2Part (a) Step 2. When the sample size is 1

For the population data: 1,2,3,4,5,6.

The sample and sample mean for a sample of size $n = 1$ are shown in the table below.

Sample	$\bar{x}$
1	1
2	2
3	3
4	4
5	5
6	6

The variable $\bar{x}$ has the following mean

$μ_{\bar{x}} = \frac{1 + 2 + 3 + 4 + 5 + 6}{6} μ_{\bar{x}} = \frac{21}{6} μ_{\bar{x}} = 3.5$

So when the sample size is 1, the variable $\bar{x}$ has a mean $μ_{\bar{x}} = 3.5$ .

3Part (a) Step 3. When the sample size is 2

For the population data: 1,2,3,4,5,6.

The sample and sample mean for a sample of size $n = 2$ are shown in the table below.

Sample	$\bar{x}$
1,2	$\frac{1 + 2}{2} = 1.5$
1,3	$\frac{1 + 3}{2} = 2$
1,4	$\frac{1 + 4}{2} = 2.5$
1,5	$\frac{1 + 5}{2} = 3$
1,6	$\frac{1 + 6}{2} = 3.5$
2,3	$\frac{2 + 3}{2} = 2.5$
2,4	$\frac{2 + 4}{2} = 3$
2,5	$\frac{2 + 5}{2} = 3.5$
2,6	$\frac{2 + 6}{2} = 4$
3,4	$\frac{3 + 4}{2} = 3.5$
3,5	$\frac{3 + 5}{2} = 4$
3,6	$\frac{3 + 6}{2} = 4.5$
4,5	$\frac{4 + 5}{2} = 4.5$
4,6	$\frac{4 + 6}{2} = 5$
5,6	$\frac{5 + 6}{2} = 5.5$

The variable $\bar{x}$ has the following mean

$μ_{\bar{x}} = \frac{1.5 + 2 + 2.5 + 3 + 3.5 + 2.5 + 3 + 3.5 + 4 + 3.5 + 4 + 4.5 + 4.5 + 5 + 5.5}{15} μ_{\bar{x}} = \frac{52.5}{15} μ_{\bar{x}} = 3.5$

So when the sample size is 2, the variable $\bar{x}$ has a mean $μ_{\bar{x}} = 3.5$ .
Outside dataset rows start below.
Definition contains_all_cycles (adj : V -> V -> Prop) (I : V -> Prop) : Prop :=
  forall x0 c, is_cycle adj x0 c -> contains_cycle I x0 c.

Definition pre_cycle_core (adj : V -> V -> Prop) (I : V -> Prop) : Prop :=
  connected_on adj I /\ contains_all_cycles adj I.

Definition component (adj : V -> V -> Prop) (I : V -> Prop) (x : V) : V -> Prop :=
  fun v => exists p, is_walk (induced adj I) x p /\ last x p = v.

End Graphs.

(* Everything rests on one fact: each vertex of a simple closed walk (no repeated vertices,
   chords allowed) lies on a cycle, since a chord splits such a walk into two shorter ones
   that together cover its vertices.
   (1) A non-backtracking walk between vertices of I that left I would contain an excursion,
   a segment whose interior avoids I.  If the excursion repeats a vertex, its first repetition
   closes a simple closed walk, of length at least 3 because there is no backtracking;
   otherwise a simple path in G|_I between its endpoints closes it up.  Either way some cycle
   leaves I.
   (2) Given a cycle C, go from x along a shortest path to C, once around C, and back.  This
   loop is non-backtracking, hence lies in G|_I, and its prefixes are walks in G|_I from x
   to every vertex of C. *)

From mathcomp Require Import all_boot zify.
From Stdlib Require Import Classical.
Set Implicit Arguments. Unset Strict Implicit. Unset Printing Implicit Defensive.

Lemma ex_minimal_nat (P : nat -> Prop) d : P d ->
  exists m, [/\ m <= d, P m & forall k, k < m -> ~ P k].
Proof.
elim/ltn_ind: d => d IH Pd.
case: (classic (exists2 k, k < d & P k)) => [[k kd Pk]|min_d].
- have [m [mk Pm min_m]] := IH k kd Pk.
  by exists m; split => //; apply: leq_trans mk (ltnW kd).
- by exists d; split => // k kd Pk; apply: min_d; exists k.
Qed.

Lemma ex_excursion (P : nat -> Prop) n t : P 0 -> P n -> t <= n -> ~ P t ->
  exists a b, [/\ a < t < b, b <= n, P a, P b & forall u, a < u < b -> ~ P u].
Proof.
move=> P0 Pn tn nPt.
have [s [_ [st Pts] min_s]] : exists s, [/\ s <= t, s <= t /\ P (t - s)
    & forall k, k < s -> ~ (k <= t /\ P (t - k))].
  by apply: ex_minimal_nat; rewrite subnn.
have [e [_ [te Pte] min_e]] : exists e, [/\ e <= n - t, t + e <= n /\ P (t + e)
    & forall k, k < e -> ~ (t + k <= n /\ P (t + k))].
  by apply: ex_minimal_nat; rewrite subnKC.
have s_gt0 : 0 < s by rewrite lt0n; apply/eqP => s0; move: Pts; rewrite s0 subn0.
have e_gt0 : 0 < e by rewrite lt0n; apply/eqP => e0; move: Pte; rewrite e0 addn0.
exists (t - s), (t + e); split => // [|u /andP [ut tu] Pu]; first lia.
case: (leqP u t) => [le_ut|lt_tu].
- by apply: (min_s (t - u)); [lia | rewrite subKn // leq_subr].
- by apply: (min_e (u - t)); [lia | rewrite subnKC; [split => //; lia | lia]].
Qed.

Section FunctionalWalks.
Variables (V : Type) (R : V -> V -> Prop).
Implicit Types (f g : nat -> V) (x : V) (p : seq V).
(* Let $S$ be a semigroup and $T$ a finite semigroup with $T^2=T$. If $S$ is $U(\mathrm{CF})$ then $S\times T$ is $U(\mathrm{CF})$; if $S$ is $U(\mathrm{DCF})$ then $S\times T$ is $U(\mathrm{DCF})$.
   Context: For a semigroup $S$ generated by a finite set $A$, $\mathrm{WP}(S,A)=\{u\#v^{\mathrm{rev}} : u,v\in A^+,\ u=_S v\}$, where $\#\notin A$ and $v^{\mathrm{rev}}$ is the reversal of $v$. A semigroup is $U(\mathrm{CF})$ (resp. $U(\mathrm{DCF})$) if it is finitely generated and its word problem with respect to some (equivalently any) finite generating set is context-free (resp. deterministic context-free). A semigroup $T$ is decomposable if $T^2=T$. *)

From Stdlib Require List.
From mathcomp Require Import all_boot.
From Stdlib Require Import Relation_Operators.
Set Implicit Arguments. Unset Strict Implicit. Unset Printing Implicit Defensive.

Record cfg (Tm : Type) := CFG {
  cfg_nt : finType;
  cfg_start : cfg_nt;
  cfg_rules : list (cfg_nt * list (cfg_nt + Tm))
}.

Unset Implicit Arguments.
Inductive cfg_step (Tm : Type) (G : cfg Tm) :
    list (cfg_nt G + Tm) -> list (cfg_nt G + Tm) -> Prop :=
  | CfgStep (l r alpha : list (cfg_nt G + Tm)) (X : cfg_nt G) :
      List.In (X, alpha) (cfg_rules G) ->
      cfg_step Tm G (l ++ inl X :: r) (l ++ alpha ++ r).

Set Implicit Arguments.
Definition cfg_lang (Tm : Type) (G : cfg Tm) (w : list Tm) : Prop :=
  clos_refl_trans _ (cfg_step Tm G) [:: inl (cfg_start G)] (map inr w).

Definition context_free (A : finType) (L : list A -> Prop) : Prop :=
  exists G : cfg A, forall w, cfg_lang G w <-> L w.

(* Deterministic pushdown automaton, acceptance by final state.
   Stack top is the head of the list. [dpda_delta q None X] is an
   epsilon-move; determinism: at most one move in every situation. *)
Record dpda (A : Type) := DPDA {
  dpda_Q : finType;
  dpda_G : finType;
  dpda_q0 : dpda_Q;
  dpda_Z0 : dpda_G;
  dpda_final : pred dpda_Q;
  dpda_delta : dpda_Q -> option A -> dpda_G -> option (dpda_Q * list dpda_G);
  dpda_det : forall q X, dpda_delta q None X <> None ->
               forall a, dpda_delta q (Some a) X = None
}.

Unset Implicit Arguments.
Definition dpda_conf (A : Type) (M : dpda A) : Type :=
  (dpda_Q M * list A * list (dpda_G M))%type.

Unset Implicit Arguments.
Inductive dpda_step (A : Type) (M : dpda A) : dpda_conf A M -> dpda_conf A M -> Prop :=
  | DStepRead q a w X gam p alpha :
      @dpda_delta A M q (Some a) X = Some (p, alpha) ->
      dpda_step A M (q, a :: w, X :: gam) (p, w, alpha ++ gam)
  | DStepEps q w X gam p alpha :
      @dpda_delta A M q None X = Some (p, alpha) ->
      dpda_step A M (q, w, X :: gam) (p, w, alpha ++ gam).

Set Implicit Arguments.
Definition dpda_lang (A : Type) (M : dpda A) (w : list A) : Prop :=
  exists (p : dpda_Q M) (gam : list (dpda_G M)),
    clos_refl_trans _ (dpda_step A M) (dpda_q0 M, w, [:: dpda_Z0 M]) (p, [::], gam)
    /\ @dpda_final A M p.

Definition det_context_free (A : finType) (L : list A -> Prop) : Prop :=
  exists M : dpda A, forall w, dpda_lang M w <-> L w.

Definition word_val (S : Type) (mul : S -> S -> S) (X : Type) (phi : X -> S)
    (w : list X) : option S :=
  match w with
  | [::] => None
  | a :: w' => Some (foldl (fun s b => mul s (phi b)) (phi a) w')
  end.

Definition generates (S : Type) (mul : S -> S -> S) (X : finType) (phi : X -> S) : Prop :=
  injective phi /\ forall s : S, exists w : list X, word_val mul phi w = Some s.

(* WP(S,A) = { u # v^rev : u, v in A^+, u =_S v } over the alphabet A + {#},
   where # is encoded as None and the letter a as Some a. *)
Definition word_problem (S : Type) (mul : S -> S -> S) (X : finType) (phi : X -> S)
    (x : list (option X)) : Prop :=
  exists u v : list X, u <> [::] /\ v <> [::] /\
    x = map Some u ++ None :: rev (map Some v) /\
    word_val mul phi u = word_val mul phi v.

Definition U_CF (S : Type) (mul : S -> S -> S) : Prop :=
  exists (X : finType) (phi : X -> S),
    generates mul phi /\ context_free (word_problem mul phi).

Definition U_DCF (S : Type) (mul : S -> S -> S) : Prop :=
  exists (X : finType) (phi : X -> S),
    generates mul phi /\ det_context_free (word_problem mul phi).

Definition prod_mul (S T : Type) (mulS : S -> S -> S) (mulT : T -> T -> T)
    (x y : S * T) : S * T := (mulS x.1 y.1, mulT x.2 y.2).

From mathcomp Require Import all_boot.
From Stdlib Require Import Relation_Operators Operators_Properties.
Set Implicit Arguments. Unset Strict Implicit. Unset Printing Implicit Defensive.

(* Let [phi : X -> S] be a finite generating set of [S].  Then [X * T],
   mapped by [(x, t) |-> (phi x, t)], generates [S * T]: every [t] in a
   finite semigroup with [T^2 = T] is a product of any prescribed number of
   elements, so a word for [s] can be paired letterwise with a factorisation
   of [t].  Over these generators, a marked word [u # rev v] lies in the word
   problem of [S * T] iff its [X]-projection lies in the word problem of [S]
   and the [T]-components of [u] and [v] have equal products.  The second
   condition is recognised by a finite automaton, and the first is the
   preimage of WP(S) under a letter-to-letter morphism. *)

Lemma In_enum (T : finType) (x : T) : List.In x (enum T).
Proof.
have : x \in enum T by rewrite mem_enum.
elim: (enum T) => //= y s IH; rewrite in_cons => /orP [/eqP ->|/IH]; auto.
Qed.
4Part (a) Step 4. When the sample size is 3

For the population data: 1,2,3,4,5,6.

The sample and sample mean for a sample of size $n = 3$ are shown in the table below.

Sample	$\bar{x}$
1,2,3	$\frac{1 + 2 + 3}{3} = 2$
1,2,4	$\frac{1 + 2 + 4}{3} = 2.33$
1,2,5	$\frac{1 + 2 + 5}{3} = 2.67$
1,2,6	$\frac{1 + 2 + 6}{3} = 3$
1,3,4	$\frac{1 + 3 + 4}{3} = 2.67$
1,3,5	$\frac{1 + 3 + 5}{3} = 3$
1,3,6	$\frac{1 + 3 + 6}{3} = 3.33$
1,4,5	$\frac{1 + 4 + 5}{3} = 3.33$
1,4,6	$\frac{1 + 4 + 6}{3} = 3.67$
1,5,6	$\frac{1 + 5 + 6}{3} = 4$
2,3,4	$\frac{2 + 3 + 4}{3} = 3$
2,3,5	$\frac{2 + 3 + 5}{3} = 3.33$
2,3,6	$\frac{2 + 3 + 6}{3} = 3.67$
2,4,5	$\frac{2 + 4 + 5}{3} = 3.67$
2,4,6	$\frac{2 + 4 + 6}{3} = 4$
2,5,6	$\frac{2 + 5 + 6}{3} = 4.33$
3,4,5	$\frac{3 + 4 + 5}{3} = 4$
3,4,6	$\frac{3 + 4 + 6}{3} = 4.33$
3,5,6	$\frac{3 + 5 + 6}{3} = 4.67$
4,5,6	$\frac{4 + 5 + 6}{3} = 5$

The variable $\bar{x}$ has the following mean

$μ_{\bar{x}} = \frac{2 + 2.33 + 2.67 + 3 + 2.67 + 3 + 3.33 + 3.33 + 3.67 + 4 + 3 + 3.33 + 3.67 + 3.67 + 4 + 4.33 + 4 + 4.33 + 4.67 + 5}{20} μ_{\bar{x}} = \frac{70}{20} μ_{\bar{x}} = 3.5$

So when the sample size is 3, the variable $\bar{x}$ has a mean $μ_{\bar{x}} = 3.5$ .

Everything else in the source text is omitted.